4.1 Qu’est-ce qu’un bon performeur?

4.1.5 Exploits physiques

Les exploits physiques sont très importants dans le Teyyam, car on dit qu’ils servent à rendre compte de la présence divine. On conçoit que les épreuves physiques effectuées par les performeurs, comme la résistance à la chaleur du feu, ou le fait de danser pendant de longues heures avec des costumes très lourds et encombrants, sont tellement exigeantes que leur réussite n’est rendue possible que par la présence de l’énergie du dieu dans le corps de performeur.

Habituellement, dans ce genre de situation rituelle, en Asie du Sud, lorsque l’on retrouve ce type d’épreuves physiques, marches sur le feu ou mortifications, on entend habituellement qu’il y a pas de souffrances, ce qui s’explique par l’action divine (Tarabout 1986). On peut concevoir que pour les mêmes raisons il ne devrait pas y avoir de séquelles physiques non plus, puisque l’on considère que c’est la présence divine qui permet de résister à l’épreuve. Mais pour le Teyyam, les choses sont un peu différentes, car, comme nous en avons déjà discuté au cours des précédents chapitres, les performeurs peuvent développer des séquelles physiques graves. Elles sont bien connues, peuvent forcer certains performeurs à la retraite

prématurée, et pourront aussi éloigner certains jeunes de la performance, de crainte de rencontrer ce type de problèmes. Certains performeurs, comme nous l’avons déjà mentionné, conçoivent ces exploits physiques, et les séquelles potentielles ou subies, comme un sacrifice pour la communauté.

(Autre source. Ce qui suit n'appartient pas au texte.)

Lemma mvnn_hidden_subhom th x k i :
  mvnn_feasible th -> mvnn_unsaturated th 10%:R -> 0 <= x <= 10%:R -> (k <= H)%N ->
  mvnn_hidden t th x k i 0 <= x / 10%:R * mvnn_hidden t th 10%:R k i 0.
Proof.
move=> feas unsat /andP[x_ge0 x_le10].
have l01 : 0 <= x / 10%:R <= 1 by rewrite divr_ge0 //= ler_pdivrMr // mul1r.
elim: k i => [|k IH] i kH.
  by rewrite !mvnn_hidden0 divff ?mulr1 // pnatr_eq0.
rewrite !mvnn_hiddenS -brelu_scale ?unsat ?t_ge0 //; apply: brelu_homo.
rewrite !mvnn_preactE mulrDr; apply: lerD; last first.
  by have := mvnn_feasible_b i feas kH; case/andP: l01; nra.
rewrite -mulmxZ_col; apply: ler_mulmx => [i' j|j].
  by rewrite mvnn_feasible_W ?lexx.
by rewrite mvnn_hidden_ge0 ?mxE ?IH ?(ltnW kH).
Qed.

Lemma mvnn_hidden_linear th x k :
  (forall k, (k < H)%N -> forall i, mb th k i 0 = 0) -> mvnn_unsaturated th 10%:R ->
  0 <= x <= 10%:R -> (k <= H)%N ->
  mvnn_hidden t th x k = (x / 10%:R) *: mvnn_hidden t th 10%:R k.
Proof.
move=> b0 unsat /andP[x_ge0 x_le10].
have l01 : 0 <= x / 10%:R <= 1 by rewrite divr_ge0 //= ler_pdivrMr // mul1r.
elim: k => [|k IH] kH; apply/matrixP => i j; rewrite ord1.
  by rewrite !mxE divff ?mulr1 // pnatr_eq0.
rewrite [RHS]mxE !mvnn_hiddenS -brelu_scale ?unsat ?t_ge0 //.
by rewrite !mvnn_preactE !b0 // !addr0 IH ?(ltnW kH) // mulmxZ_col.
Qed.

Lemma mvnn_eval_subhom th x :
  mvnn_feasible th -> mvnn_unsaturated th 10%:R -> 0 <= x <= 10%:R ->
  mvnn_eval t th x <= x / 10%:R * mvnn_eval t th 10%:R.
Proof.
move=> feas unsat x010; rewrite /mvnn_eval -mulmxZ_col.
have x_ge0 : 0 <= x by case/andP: x010.
apply: ler_mulmx => [i j|j]; last by rewrite mvnn_hidden_ge0 ?mxE ?mvnn_hidden_subhom.
by rewrite lexx andbT [i]ord1; case: feas.
Qed.

Lemma mvnn_eval_linear th x :
  (forall k, (k < H)%N -> forall i, mb th k i 0 = 0) -> mvnn_unsaturated th 10%:R ->
  0 <= x <= 10%:R -> mvnn_eval t th x = x / 10%:R * mvnn_eval t th 10%:R.
Proof.
by move=> b0 unsat x010; rewrite /mvnn_eval mvnn_hidden_linear // mulmxZ_col.
Qed.

End Network.

Section Rescaling.
Variables (R : realType) (H : nat) (d : nat -> nat).
Implicit Types (th : mvnn_params R H d) (rho : forall k, 'I_(wd d k.+1) -> R) (beta : R).

Definition mvnn_rescale rho beta th : mvnn_params R H d :=
  MvnnParams (fun k => \matrix_(i, j) (rho k i * mW th k i j))
    (fun k => beta *: mb th k) (mWout th).

Lemma mvnn_rescale_W rho beta th k i j :
  mW (mvnn_rescale rho beta th) k i j = rho k i * mW th k i j.
Proof. by rewrite mxE. Qed.

Lemma mvnn_rescale_b rho beta th k i :
  mb (mvnn_rescale rho beta th) k i 0 = beta * mb th k i 0.
Proof. by rewrite mxE. Qed.

Lemma mvnn_preact_rescale rho beta th k (h : 'cV[R]_(wd d k)) i :
  mvnn_preact (mvnn_rescale rho beta th) h i 0
  = rho k i * (mW th k *m h) i 0 + beta * mb th k i 0.
Proof.
rewrite mvnn_preactE mvnn_rescale_b !mxE mulr_sumr; congr (_ + _).
by apply: eq_bigr => j _; rewrite mxE mulrA.
Qed.

Lemma mvnn_rescale_feasible rho beta th :
  mvnn_feasible th -> (forall k, (k < H)%N -> forall i, 0 <= rho k i) -> 0 <= beta ->
  mvnn_feasible (mvnn_rescale rho beta th).
Proof.
move=> feas rho_ge0 beta_ge0; split=> [k|]; last by case: feas.
split=> [i j|i]; first by rewrite mvnn_rescale_W mulr_ge0 ?rho_ge0 ?mvnn_feasible_W.
by rewrite mvnn_rescale_b mulr_ge0_le0 ?mvnn_feasible_b.
Qed.

Lemma mvnn_sqnorm_ge0 th : 0 <= mvnn_sqnorm th.
Proof.
apply: addr_ge0; last by apply: sumr_ge0 => j _; exact: sqr_ge0.
apply: sumr_ge0 => k _; apply: addr_ge0; apply: sumr_ge0 => i _; last exact: sqr_ge0.
by apply: sumr_ge0 => j _; exact: sqr_ge0.
Qed.

Lemma mvnn_rescale_sqdist rho beta th s :
  (forall k, (k < H)%N -> forall i, 1 - s <= rho k i <= 1) -> 1 - s <= beta <= 1 ->
  mvnn_sqdist (mvnn_rescale rho beta th) th <= s ^+ 2 * mvnn_sqnorm th.
Proof.
have scaled_sq a w : 1 - s <= a <= 1 -> (a * w - w) ^+ 2 <= s ^+ 2 * w ^+ 2.
  case/andP=> a_lb a_ub; have -> : a * w - w = (a - 1) * w by ring.
  by rewrite exprMn ler_wpM2r ?sqr_ge0 //; nra.
move=> rho_s beta_s; rewrite /mvnn_sqdist /mvnn_sqnorm mulrDr mulr_sumr.
apply: lerD; last first.
  by rewrite mulr_sumr ler_sum // => j _; rewrite subrr expr0n mulr_ge0 ?sqr_ge0.
apply: ler_sum => k _; rewrite mulrDr !mulr_sumr; apply: lerD; apply: ler_sum => i _.
  by rewrite mulr_sumr; apply: ler_sum => j _; rewrite mvnn_rescale_W scaled_sq ?rho_s.
by rewrite mvnn_rescale_b scaled_sq.
Qed.

Lemma mvnn_rescale_sqnorm_ge_eq0 rho beta th :
  (forall k, (k < H)%N -> forall i, 0 <= rho k i <= 1) -> 0 <= beta <= 1 ->
  mvnn_sqnorm th <= mvnn_sqnorm (mvnn_rescale rho beta th) ->
  (forall k, (k < H)%N -> forall i, rho k i < 1 -> forall j, mW th k i j = 0) /\
  (beta < 1 -> forall k, (k < H)%N -> forall i, mb th k i 0 = 0).
Proof.
move=> rho01 beta01 norm_le.
pose defect (a w : R) := (1 - a ^+ 2) * w ^+ 2.
have defect_ge0 (a w : R) : 0 <= a <= 1 -> 0 <= defect a w.
  by case/andP=> ? ?; rewrite mulr_ge0 ?sqr_ge0 //; nra.
have defect_eq0 (a w : R) : 0 <= a -> a < 1 -> defect a w = 0 -> w = 0.
  by move=> ? ? /eqP; rewrite mulf_eq0 sqrf_eq0 => /orP[/eqP|/eqP //]; nra.
pose Dw (k : 'I_H) i := \sum_j defect (rho k i) (mW th k i j).
pose Db (k : 'I_H) i := defect beta (mb th k i 0).
have Dw_ge0 (k : 'I_H) i : 0 <= Dw k i.
  by apply: sumr_ge0 => j _; rewrite defect_ge0 ?rho01.
have Db_ge0 (k : 'I_H) i : 0 <= Db k i by rewrite defect_ge0.
pose D (k : 'I_H) := \sum_i Dw k i + \sum_i Db k i.
have D_ge0 k : 0 <= D k by rewrite addr_ge0 ?sumr_ge0.
have norm_gap :
    mvnn_sqnorm th - mvnn_sqnorm (mvnn_rescale rho beta th) = \sum_(k < H) D k.
  rewrite /mvnn_sqnorm /= opprD addrACA subrr addr0 -sumrB; apply: eq_bigr => k _.
  rewrite opprD addrACA -!sumrB; congr (_ + _); apply: eq_bigr => i _.
    by rewrite -sumrB; apply: eq_bigr => j _; rewrite !mxE /defect; ring.
  by rewrite /Db /defect !mxE; ring.
have layer_eq0 k : D k = 0.
  apply: (psumr_eq0P (P := xpredT) (F := D) (fun l _ => D_ge0 l)) => //.
  by apply/le_anti; rewrite -norm_gap subr_le0 norm_le norm_gap sumr_ge0.
split=> [k kH i rho_lt1 j|beta_lt1 k kH i].
  have /eqP := layer_eq0 (Ordinal kH); rewrite paddr_eq0 ?sumr_ge0 //.
  case/andP=> /eqP /(psumr_eq0P (fun i _ => Dw_ge0 _ i)) /(_ i isT) Dw0 _.
  apply: defect_eq0 rho_lt1 _; first by case/andP: (rho01 k kH i).
  by apply: (psumr_eq0P _ Dw0) => // j' _; rewrite defect_ge0 ?(rho01 k kH).
have /eqP := layer_eq0 (Ordinal kH); rewrite paddr_eq0 ?sumr_ge0 //.
case/andP=> _ /eqP /(psumr_eq0P (fun i _ => Db_ge0 _ i)) /(_ i isT) Db0.
by apply: defect_eq0 beta_lt1 _; first by case/andP: beta01.
Qed.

Les exploits physiques donnent l’occasion d’établir de façon concrète la présence divine aux yeux des dévots, il s’agit d’une action visible et discernable, car le performeur est là, devant l’assistance, au moment où il s’exécute, par exemple lorsqu’il s’allonge sur des braises ardentes. Il y a alors impossibilité de nier ce qui vient de se produire, bien que d’un dévot ou d’un spectateur à l’autre on pourra tout de même avoir une appréciation différente du niveau de difficulté, ou donner d’autres explications pour rendre compte de ce qui rend possible l’exploit, comme nous le verrons plus loin.

Nous avons relevé trois types d’exploit physiques : (1) la résistance à la chaleur du feu ; (2) danser avec des costumes très lourds et très encombrants; et (3) performer pendant de longues heures, ou des nuits entières, sans boire ni uriner. Généralement, un Teyyam requerra un des deux premiers exploits physiques que nous venons d’énoncer, et pourra être combiné avec le 3e type d’exploit basé sur l’endurance. Toutefois, ce ne sont pas tous les Teyyams qui exigent ce type d’exploits, par exemple le Teyyam de Muthappan n’en requiert aucun des trois.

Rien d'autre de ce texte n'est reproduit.